### Activity
Copy out exactly the lines below that run from the one holding "by rewrite (mem2_overtake_cons" to the one holding "set_nth x0 (A", keeping both of those lines and no others.

### Records for the task
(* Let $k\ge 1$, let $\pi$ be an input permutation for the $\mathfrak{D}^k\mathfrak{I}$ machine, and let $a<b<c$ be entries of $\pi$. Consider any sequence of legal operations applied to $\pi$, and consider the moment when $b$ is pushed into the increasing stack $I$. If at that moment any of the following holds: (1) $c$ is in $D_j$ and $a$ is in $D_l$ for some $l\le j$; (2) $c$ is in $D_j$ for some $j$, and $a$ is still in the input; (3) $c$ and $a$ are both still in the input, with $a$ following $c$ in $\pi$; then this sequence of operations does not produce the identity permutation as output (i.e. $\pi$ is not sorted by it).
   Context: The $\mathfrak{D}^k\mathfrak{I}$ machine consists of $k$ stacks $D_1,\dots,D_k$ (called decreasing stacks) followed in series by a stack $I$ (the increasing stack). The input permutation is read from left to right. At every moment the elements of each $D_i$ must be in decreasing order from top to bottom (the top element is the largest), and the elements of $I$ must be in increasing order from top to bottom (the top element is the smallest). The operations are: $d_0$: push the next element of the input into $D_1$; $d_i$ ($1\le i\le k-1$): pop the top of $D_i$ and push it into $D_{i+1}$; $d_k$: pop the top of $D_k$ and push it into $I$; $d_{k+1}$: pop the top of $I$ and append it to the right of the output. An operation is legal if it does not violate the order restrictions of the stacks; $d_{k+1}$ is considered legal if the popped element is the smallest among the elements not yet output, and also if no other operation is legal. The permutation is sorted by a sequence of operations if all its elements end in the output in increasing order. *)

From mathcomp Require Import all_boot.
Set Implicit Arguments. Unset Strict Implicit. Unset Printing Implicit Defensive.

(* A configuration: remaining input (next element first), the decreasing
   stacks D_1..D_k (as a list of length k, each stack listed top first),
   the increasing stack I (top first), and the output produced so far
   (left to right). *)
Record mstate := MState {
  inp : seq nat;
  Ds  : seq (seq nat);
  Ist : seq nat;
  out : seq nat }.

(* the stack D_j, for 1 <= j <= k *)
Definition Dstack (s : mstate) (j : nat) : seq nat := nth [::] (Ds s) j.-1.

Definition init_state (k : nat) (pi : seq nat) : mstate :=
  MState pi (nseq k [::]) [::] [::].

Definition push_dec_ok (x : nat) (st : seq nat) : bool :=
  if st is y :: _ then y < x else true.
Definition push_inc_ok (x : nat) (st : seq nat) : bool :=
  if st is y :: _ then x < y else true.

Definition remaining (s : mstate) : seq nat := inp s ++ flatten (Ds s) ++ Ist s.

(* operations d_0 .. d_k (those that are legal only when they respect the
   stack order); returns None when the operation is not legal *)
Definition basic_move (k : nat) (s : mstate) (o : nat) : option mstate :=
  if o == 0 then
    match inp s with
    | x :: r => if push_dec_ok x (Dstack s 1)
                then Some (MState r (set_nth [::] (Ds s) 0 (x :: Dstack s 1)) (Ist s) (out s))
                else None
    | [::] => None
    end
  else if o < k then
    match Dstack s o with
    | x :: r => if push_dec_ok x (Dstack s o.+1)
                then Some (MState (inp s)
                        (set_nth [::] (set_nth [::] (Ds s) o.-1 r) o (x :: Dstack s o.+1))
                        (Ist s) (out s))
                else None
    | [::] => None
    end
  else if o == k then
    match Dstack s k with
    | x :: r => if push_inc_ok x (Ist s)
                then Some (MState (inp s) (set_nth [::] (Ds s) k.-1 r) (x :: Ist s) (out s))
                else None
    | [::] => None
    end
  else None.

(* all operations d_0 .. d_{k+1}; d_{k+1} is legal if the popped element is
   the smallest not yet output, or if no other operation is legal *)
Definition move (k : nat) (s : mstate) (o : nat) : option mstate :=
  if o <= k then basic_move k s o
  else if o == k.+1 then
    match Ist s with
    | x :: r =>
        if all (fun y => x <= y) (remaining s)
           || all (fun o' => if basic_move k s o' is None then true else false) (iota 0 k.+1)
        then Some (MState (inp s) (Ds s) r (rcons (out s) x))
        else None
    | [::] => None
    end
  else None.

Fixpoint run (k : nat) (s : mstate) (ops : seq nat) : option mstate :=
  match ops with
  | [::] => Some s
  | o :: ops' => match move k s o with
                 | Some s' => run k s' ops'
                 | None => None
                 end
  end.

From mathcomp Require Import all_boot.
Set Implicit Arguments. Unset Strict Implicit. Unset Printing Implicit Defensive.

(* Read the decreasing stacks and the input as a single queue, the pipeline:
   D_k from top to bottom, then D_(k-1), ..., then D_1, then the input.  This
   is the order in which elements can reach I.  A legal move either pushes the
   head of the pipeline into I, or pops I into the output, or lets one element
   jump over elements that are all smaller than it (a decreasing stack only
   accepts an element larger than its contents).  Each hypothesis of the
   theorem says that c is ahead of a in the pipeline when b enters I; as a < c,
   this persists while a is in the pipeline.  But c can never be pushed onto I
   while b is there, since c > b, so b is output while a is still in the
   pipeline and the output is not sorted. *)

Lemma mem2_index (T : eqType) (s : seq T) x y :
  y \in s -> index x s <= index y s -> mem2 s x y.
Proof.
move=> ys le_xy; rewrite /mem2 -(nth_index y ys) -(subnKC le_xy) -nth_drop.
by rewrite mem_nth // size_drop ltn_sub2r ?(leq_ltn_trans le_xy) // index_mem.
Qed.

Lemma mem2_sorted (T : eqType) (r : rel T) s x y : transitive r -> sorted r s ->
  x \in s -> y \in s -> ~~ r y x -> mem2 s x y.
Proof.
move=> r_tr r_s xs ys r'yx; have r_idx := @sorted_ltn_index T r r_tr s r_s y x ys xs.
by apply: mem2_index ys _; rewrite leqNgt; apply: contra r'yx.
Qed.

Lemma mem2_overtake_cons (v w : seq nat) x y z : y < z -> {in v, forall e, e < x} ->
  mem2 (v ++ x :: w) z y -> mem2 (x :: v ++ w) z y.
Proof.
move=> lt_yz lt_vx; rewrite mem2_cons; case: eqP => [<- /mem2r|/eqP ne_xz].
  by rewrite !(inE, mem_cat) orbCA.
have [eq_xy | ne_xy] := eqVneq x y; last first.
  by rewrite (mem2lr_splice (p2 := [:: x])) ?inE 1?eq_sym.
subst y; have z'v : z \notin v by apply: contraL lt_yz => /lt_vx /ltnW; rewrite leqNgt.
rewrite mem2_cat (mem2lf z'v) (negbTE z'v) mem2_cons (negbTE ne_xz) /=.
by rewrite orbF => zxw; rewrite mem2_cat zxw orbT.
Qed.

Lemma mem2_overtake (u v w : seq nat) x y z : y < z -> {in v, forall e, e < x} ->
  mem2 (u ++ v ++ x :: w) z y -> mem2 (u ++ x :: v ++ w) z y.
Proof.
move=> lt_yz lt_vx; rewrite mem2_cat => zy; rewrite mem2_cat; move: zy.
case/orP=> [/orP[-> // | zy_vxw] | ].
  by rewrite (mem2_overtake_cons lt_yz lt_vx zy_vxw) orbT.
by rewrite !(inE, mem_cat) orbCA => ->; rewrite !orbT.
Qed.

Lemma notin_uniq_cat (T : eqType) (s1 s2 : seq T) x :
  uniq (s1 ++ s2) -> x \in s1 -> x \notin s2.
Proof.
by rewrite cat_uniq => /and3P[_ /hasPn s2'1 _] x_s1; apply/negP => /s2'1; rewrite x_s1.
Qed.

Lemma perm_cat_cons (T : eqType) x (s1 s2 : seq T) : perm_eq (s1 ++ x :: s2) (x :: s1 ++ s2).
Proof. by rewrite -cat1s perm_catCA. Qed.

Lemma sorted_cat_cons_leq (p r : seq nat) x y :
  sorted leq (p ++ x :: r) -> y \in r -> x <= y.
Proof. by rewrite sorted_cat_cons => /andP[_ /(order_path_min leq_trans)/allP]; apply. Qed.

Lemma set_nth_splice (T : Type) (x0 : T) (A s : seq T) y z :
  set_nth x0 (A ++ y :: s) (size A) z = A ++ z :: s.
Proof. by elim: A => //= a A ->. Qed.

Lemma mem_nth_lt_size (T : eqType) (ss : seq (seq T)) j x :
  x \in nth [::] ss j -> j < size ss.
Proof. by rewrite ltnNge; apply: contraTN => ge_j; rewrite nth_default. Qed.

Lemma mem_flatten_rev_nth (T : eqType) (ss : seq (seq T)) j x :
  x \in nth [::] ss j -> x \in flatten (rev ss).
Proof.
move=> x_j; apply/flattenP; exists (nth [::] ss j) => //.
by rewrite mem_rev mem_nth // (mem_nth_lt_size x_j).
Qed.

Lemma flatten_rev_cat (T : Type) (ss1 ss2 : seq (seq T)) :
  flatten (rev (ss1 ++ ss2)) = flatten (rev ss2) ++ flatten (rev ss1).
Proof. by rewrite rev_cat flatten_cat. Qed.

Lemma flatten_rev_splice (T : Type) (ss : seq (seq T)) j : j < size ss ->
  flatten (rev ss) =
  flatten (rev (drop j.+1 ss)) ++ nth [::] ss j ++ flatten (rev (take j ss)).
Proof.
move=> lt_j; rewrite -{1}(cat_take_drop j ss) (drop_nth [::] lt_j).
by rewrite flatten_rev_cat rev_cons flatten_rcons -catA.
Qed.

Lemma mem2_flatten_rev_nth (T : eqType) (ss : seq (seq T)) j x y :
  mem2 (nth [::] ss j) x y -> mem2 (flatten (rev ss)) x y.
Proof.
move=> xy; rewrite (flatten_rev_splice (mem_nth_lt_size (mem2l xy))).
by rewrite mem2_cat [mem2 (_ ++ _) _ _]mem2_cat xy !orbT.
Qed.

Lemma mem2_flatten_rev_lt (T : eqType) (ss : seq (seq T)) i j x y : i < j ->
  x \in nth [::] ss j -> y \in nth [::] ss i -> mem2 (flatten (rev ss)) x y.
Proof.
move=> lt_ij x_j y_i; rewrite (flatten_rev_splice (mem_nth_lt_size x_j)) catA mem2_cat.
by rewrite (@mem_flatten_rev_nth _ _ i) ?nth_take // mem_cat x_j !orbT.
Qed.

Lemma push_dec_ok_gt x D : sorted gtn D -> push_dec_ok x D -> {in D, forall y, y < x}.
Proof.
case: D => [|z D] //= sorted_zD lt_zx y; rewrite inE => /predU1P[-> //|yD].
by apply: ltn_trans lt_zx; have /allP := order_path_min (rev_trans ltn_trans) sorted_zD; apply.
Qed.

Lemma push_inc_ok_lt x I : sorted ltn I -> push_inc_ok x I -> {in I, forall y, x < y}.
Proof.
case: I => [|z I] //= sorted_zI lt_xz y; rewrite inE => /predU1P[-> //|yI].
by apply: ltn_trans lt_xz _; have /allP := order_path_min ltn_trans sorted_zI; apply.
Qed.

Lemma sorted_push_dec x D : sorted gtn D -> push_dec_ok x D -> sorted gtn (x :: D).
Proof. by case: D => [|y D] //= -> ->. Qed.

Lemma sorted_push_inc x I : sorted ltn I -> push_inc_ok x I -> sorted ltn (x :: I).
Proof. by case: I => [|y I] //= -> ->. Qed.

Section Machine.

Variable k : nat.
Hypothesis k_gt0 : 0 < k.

### Output of the task
  by rewrite (mem2_overtake_cons lt_yz lt_vx zy_vxw) orbT.
by rewrite !(inE, mem_cat) orbCA => ->; rewrite !orbT.
Qed.

Lemma notin_uniq_cat (T : eqType) (s1 s2 : seq T) x :
  uniq (s1 ++ s2) -> x \in s1 -> x \notin s2.
Proof.
by rewrite cat_uniq => /and3P[_ /hasPn s2'1 _] x_s1; apply/negP => /s2'1; rewrite x_s1.
Qed.

Lemma perm_cat_cons (T : eqType) x (s1 s2 : seq T) : perm_eq (s1 ++ x :: s2) (x :: s1 ++ s2).
Proof. by rewrite -cat1s perm_catCA. Qed.

Lemma sorted_cat_cons_leq (p r : seq nat) x y :
  sorted leq (p ++ x :: r) -> y \in r -> x <= y.
Proof. by rewrite sorted_cat_cons => /andP[_ /(order_path_min leq_trans)/allP]; apply. Qed.

Lemma set_nth_splice (T : Type) (x0 : T) (A s : seq T) y z :
  set_nth x0 (A ++ y :: s) (size A) z = A ++ z :: s.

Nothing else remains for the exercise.